- How to complete this task
Print the line where "Definition minimal_set (S" occurs and every line that follows it in the data below, ending with the last line, precisely as written.

[[ Information, beginning ]]

(* Let $\mathcal{K}$ be a Fraïssé class in a relational language $L$ with Fraïssé limit $\mathbf{K}$, exhaustion $\mathbf{K}=\bigcup_n\mathbf{A}_n$, $G=\mathrm{Aut}(\mathbf{K})$ and $H_m=\mathrm{Emb}(\mathbf{A}_m,\mathbf{K})$. Let $\mathcal{K}^*$ be an expansion of $\mathcal{K}$ such that the pair $(\mathcal{K}^*,\mathcal{K})$ is excellent. Then a set $S\subseteq H_m$ is minimal if and only if there are $\mathbf{K}'\in X_{\mathcal{K}^*}$ and $E\subseteq\mathcal{K}^*(\mathbf{A}_m)$ such that $S=H_m(E,\mathbf{K}')$.
   Context: $L^*=L\cup\{S_i\}$ adds new relation symbols; a class $\mathcal{K}^*$ of finite $L^*$-structures closed under isomorphism is an expansion of $\mathcal{K}$ if $\{\mathbf{A}^*|_L:\mathbf{A}^*\in\mathcal{K}^*\}=\mathcal{K}$; $\mathcal{K}^*(\mathbf{A})$ is the set of expansions of $\mathbf{A}$ lying in $\mathcal{K}^*$. The pair is excellent if: $\mathcal{K}^*$ is a Fraïssé class; it is precompact ($\mathcal{K}^*(\mathbf{A})$ finite for each $\mathbf{A}\in\mathcal{K}$); reasonable (for $\mathbf{A},\mathbf{B}\in\mathcal{K}$, an embedding $f:\mathbf{A}\to\mathbf{B}$ and $\mathbf{A}^*\in\mathcal{K}^*(\mathbf{A})$ there is $\mathbf{B}^*\in\mathcal{K}^*(\mathbf{B})$ with $f:\mathbf{A}^*\to\mathbf{B}^*$ an embedding); has the expansion property (for each $\mathbf{A}^*\in\mathcal{K}^*$ there is $\mathbf{B}\in\mathcal{K}$ such that every $\mathbf{B}^*\in\mathcal{K}^*(\mathbf{B})$ embeds $\mathbf{A}^*$); and $\mathcal{K}^*$ has the Ramsey property (for $\mathbf{A}\leq\mathbf{B}$ in $\mathcal{K}^*$ and $r\geq2$ there is $\mathbf{C}\in\mathcal{K}^*$ with $\mathbf{B}\leq\mathbf{C}$ such that every $c:\mathrm{Emb}(\mathbf{A},\mathbf{C})\to r$ is constant on $h\circ\mathrm{Emb}(\mathbf{A},\mathbf{B})$ for some $h\in\mathrm{Emb}(\mathbf{B},\mathbf{C})$). $X_{\mathcal{K}^*}$ is the set of $L^*$-expansions $\mathbf{K}'=\langle\mathbf{K},\vec S\rangle$ of $\mathbf{K}$ all of whose finite substructures lie in $\mathcal{K}^*$, topologized by basic open sets $\{\mathbf{K}':\mathbf{A}^*\subseteq\mathbf{K}'\}$, with the right $G$-action $S^{\mathbf{K}'g}(x_1,\dots,x_k)\iff S^{\mathbf{K}'}(g(x_1),\dots,g(x_k))$. For $f\in H_m$, $\mathbf{K}'\cdot f$ is the unique expansion of $\mathbf{A}_m$ with $f\in\mathrm{Emb}(\mathbf{K}'\cdot f,\mathbf{K}')$, and $H_m(E,\mathbf{K}')=\{f\in H_m:\mathbf{K}'\cdot f\in E\}$. Identify subsets of $H_m$ with $2^{H_m}$, on which $G$ acts on the right by $(\chi\cdot g)(f)=\chi(g\circ f)$. $S\subseteq H_m$ is minimal if the orbit closure $\overline{\chi_S\cdot G}\subseteq 2^{H_m}$ is a minimal $G$-flow (every orbit dense). *)

From Stdlib Require List.
From mathcomp Require Import all_boot.
Set Implicit Arguments. Unset Strict Implicit. Unset Printing Implicit Defensive.

Record struc (L : Type) (ar : L -> nat) (T : Type) := Struc {
  rel : forall s : L, (ar s).-tuple T -> bool }.
Arguments Struc {L ar T}.
Arguments rel {L ar T}.

Section Structures.
Variables (L : Type) (ar : L -> nat).

Definition emb (TA TB : Type) (A : struc ar TA) (B : struc ar TB) (f : TA -> TB) :=
  injective f /\ forall s (x : (ar s).-tuple TA), rel B s (map_tuple f x) = rel A s x.

Definition iso (TA TB : Type) (A : struc ar TA) (B : struc ar TB) (f : TA -> TB) :=
  bijective f /\ emb A B f.

Definition pullback (TA TB : Type) (B : struc ar TB) (f : TA -> TB) : struc ar TA :=
  Struc (fun s x => rel B s (map_tuple f x)).

Definition induced (U : countType) (M : struc ar U) (s : seq U) : struc ar (seq_sub s) :=
  pullback M val.

Definition cls := forall T : finType, struc ar T -> Prop.

Definition iso_closed (K : cls) :=
  forall (TA TB : finType) (A : struc ar TA) (B : struc ar TB) f, iso A B f -> K TA A -> K TB B.

Definition hereditary (K : cls) :=
  forall (TA TB : finType) (A : struc ar TA) (B : struc ar TB) f, emb A B f -> K TB B -> K TA A.

Definition joint_embedding (K : cls) :=
  forall (TA TB : finType) (A : struc ar TA) (B : struc ar TB), K TA A -> K TB B ->
  exists (TC : finType) (C : struc ar TC) f g, [/\ K TC C, emb A C f & emb B C g].

Definition amalgamation (K : cls) :=
  forall (TA TB TC : finType) (A : struc ar TA) (B : struc ar TB) (C : struc ar TC) f g,
  K TA A -> K TB B -> K TC C -> emb A B f -> emb A C g ->
  exists (TD : finType) (D : struc ar TD) f' g',
    [/\ K TD D, emb B D f', emb C D g' & forall x, f' (f x) = g' (g x)].

Definition countably_many_iso_types (K : cls) :=
  exists F : nat -> {T : finType & struc ar T},
  forall (T : finType) (A : struc ar T), K T A -> exists n f, iso A (projT2 (F n)) f.

Definition arbitrarily_large (K : cls) :=
  forall n, exists (T : finType) (A : struc ar T), K T A /\ n <= #|T|.

(* Fraisse class (convention of Kechris-Pestov-Todorcevic) *)
Definition fraisse_class (K : cls) :=
  [/\ iso_closed K, hereditary K, joint_embedding K, amalgamation K &
      countably_many_iso_types K /\ arbitrarily_large K].

Definition aut (U : Type) (M : struc ar U) (g : U -> U) := iso M M g.

Definition fraisse_limit (K : cls) (U : countType) (M : struc ar U) :=
  (forall (T : finType) (A : struc ar T), K T A <-> exists f, emb A M f) /\
  (forall (T : finType) (A : struc ar T) f g, emb A M f -> emb A M g ->
     exists h, aut M h /\ forall x, h (f x) = g x).

Definition ramsey (K : cls) :=
  forall (TA TB : finType) (A : struc ar TA) (B : struc ar TB) (r : nat),
  K TA A -> K TB B -> (exists e, emb A B e) -> 2 <= r ->
  exists (TC : finType) (C : struc ar TC),
    [/\ K TC C, (exists e, emb B C e) &
        forall c : (TA -> TC) -> 'I_r, exists h, emb B C h /\
          forall f g, emb A B f -> emb A B g -> c (h \o f) = c (h \o g)].

End Structures.

Definition exhaustion (U : countType) (A : nat -> seq U) :=
  (forall n, {subset A n <= A n.+1}) /\ (forall x, exists n, x \in A n).

Section Expansions.
Variables (L L' : Type) (ar : L -> nat) (ar' : L' -> nat).

Definition sum_ar (s : L + L') : nat :=
  match s with inl a => ar a | inr b => ar' b end.

Definition is_expansion (T : Type) (As : struc (sum_ar) T) (A : struc ar T) :=
  forall s (x : (ar s).-tuple T), rel As (inl s) x = rel A s x.

Definition Kstar (Ks : cls sum_ar) (T : finType) (A : struc ar T) (As : struc sum_ar T) :=
  Ks T As /\ is_expansion As A.

Definition expansion_of (K : cls ar) (Ks : cls sum_ar) :=
  iso_closed Ks /\
  forall (T : finType) (A : struc ar T), K T A <-> exists As, Kstar Ks A As.

Definition precompact (K : cls ar) (Ks : cls sum_ar) :=
  forall (T : finType) (A : struc ar T), K T A ->
  exists l : list (struc sum_ar T), forall As, Kstar Ks A As -> List.In As l.

Definition reasonable (K : cls ar) (Ks : cls sum_ar) :=
  forall (TA TB : finType) (A : struc ar TA) (B : struc ar TB) f As,
  K TA A -> K TB B -> emb A B f -> Kstar Ks A As ->
  exists Bs, Kstar Ks B Bs /\ emb As Bs f.

Definition expansion_property (K : cls ar) (Ks : cls sum_ar) :=
  forall (TA : finType) (As : struc sum_ar TA), Ks TA As ->
  exists (TB : finType) (B : struc ar TB), K TB B /\
    forall Bs, Kstar Ks B Bs -> exists f, emb As Bs f.

Definition excellent (K : cls ar) (Ks : cls sum_ar) :=
  [/\ fraisse_class Ks, precompact K Ks, reasonable K Ks,
      expansion_property K Ks & ramsey Ks].

Definition X_Kstar (Ks : cls sum_ar) (U : countType) (M : struc ar U)
  (K' : struc sum_ar U) :=
  is_expansion K' M /\ forall s : seq U, Ks _ (induced K' s).

End Expansions.

Section Flow.
Variables (L : Type) (ar : L -> nat) (U : countType) (M : struc ar U) (s : seq U).

Definition Hemb (f : seq_sub s -> U) := emb (induced M s) M f.

(* points of 2^H are represented by predicates on maps; only values on H matter.
   (chi . g)(f) = chi (g o f).  Topology: product topology, basic neighbourhoods
   of chi are given by finite subsets F of H. *)
Definition point := (seq_sub s -> U) -> Prop.

Definition in_orbit_closure (psi phi : point) :=
  forall F : seq (seq_sub s -> U), (forall f, List.In f F -> Hemb f) ->
  exists g, aut M g /\ forall f, List.In f F -> (phi f <-> psi (g \o f)).

Definition minimal_set (S : point) :=
  forall psi phi, in_orbit_closure S psi -> in_orbit_closure S phi ->
  in_orbit_closure psi phi.

End Flow.

(* Membership in an orbit closure is decided on finite sets t of points: phi is in
   the closure of the orbit of psi iff for every t some automorphism g makes phi f
   and psi (g o f) agree on the embeddings f with image in t.

   If S = H_m(E, K'), a point phi of the orbit closure of S is, on t, a translate of
   S, coloured by a finite piece D of K'.  The expansion property gives B in K all
   of whose expansions contain D; the expansion of a copy of B seen by the translate
   of S approximating psi is one of them, and ultrahomogeneity turns the embedding of
   D into an automorphism.  Hence S is minimal.

   Conversely, fix K0 in X_{K*}.  The Ramsey property of K*, applied to the finitely
   many expansions of A_m at once, and ultrahomogeneity give on each t a translate of
   S that coincides with some H_m(E, K0); as E matters only on those finitely many
   expansions, one E serves every t, so H_m(E, K0) is in the orbit closure of S.  By
   minimality S is in the orbit closure of H_m(E, K0), and a König argument along the
   exhaustion shows that the sets in that closure are of the form H_m(E, K'). *)

From mathcomp Require Import all_boot boolp.
Set Implicit Arguments. Unset Strict Implicit. Unset Printing Implicit Defensive.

[[ Information, end ]]

- Problem solution
Definition minimal_set (S : point) :=
  forall psi phi, in_orbit_closure S psi -> in_orbit_closure S phi ->
  in_orbit_closure psi phi.

End Flow.

(* Membership in an orbit closure is decided on finite sets t of points: phi is in
   the closure of the orbit of psi iff for every t some automorphism g makes phi f
   and psi (g o f) agree on the embeddings f with image in t.

   If S = H_m(E, K'), a point phi of the orbit closure of S is, on t, a translate of
   S, coloured by a finite piece D of K'.  The expansion property gives B in K all
   of whose expansions contain D; the expansion of a copy of B seen by the translate
   of S approximating psi is one of them, and ultrahomogeneity turns the embedding of
   D into an automorphism.  Hence S is minimal.

   Conversely, fix K0 in X_{K*}.  The Ramsey property of K*, applied to the finitely
   many expansions of A_m at once, and ultrahomogeneity give on each t a translate of
   S that coincides with some H_m(E, K0); as E matters only on those finitely many
   expansions, one E serves every t, so H_m(E, K0) is in the orbit closure of S.  By
   minimality S is in the orbit closure of H_m(E, K0), and a König argument along the
   exhaustion shows that the sets in that closure are of the form H_m(E, K'). *)

From mathcomp Require Import all_boot boolp.
Set Implicit Arguments. Unset Strict Implicit. Unset Printing Implicit Defensive.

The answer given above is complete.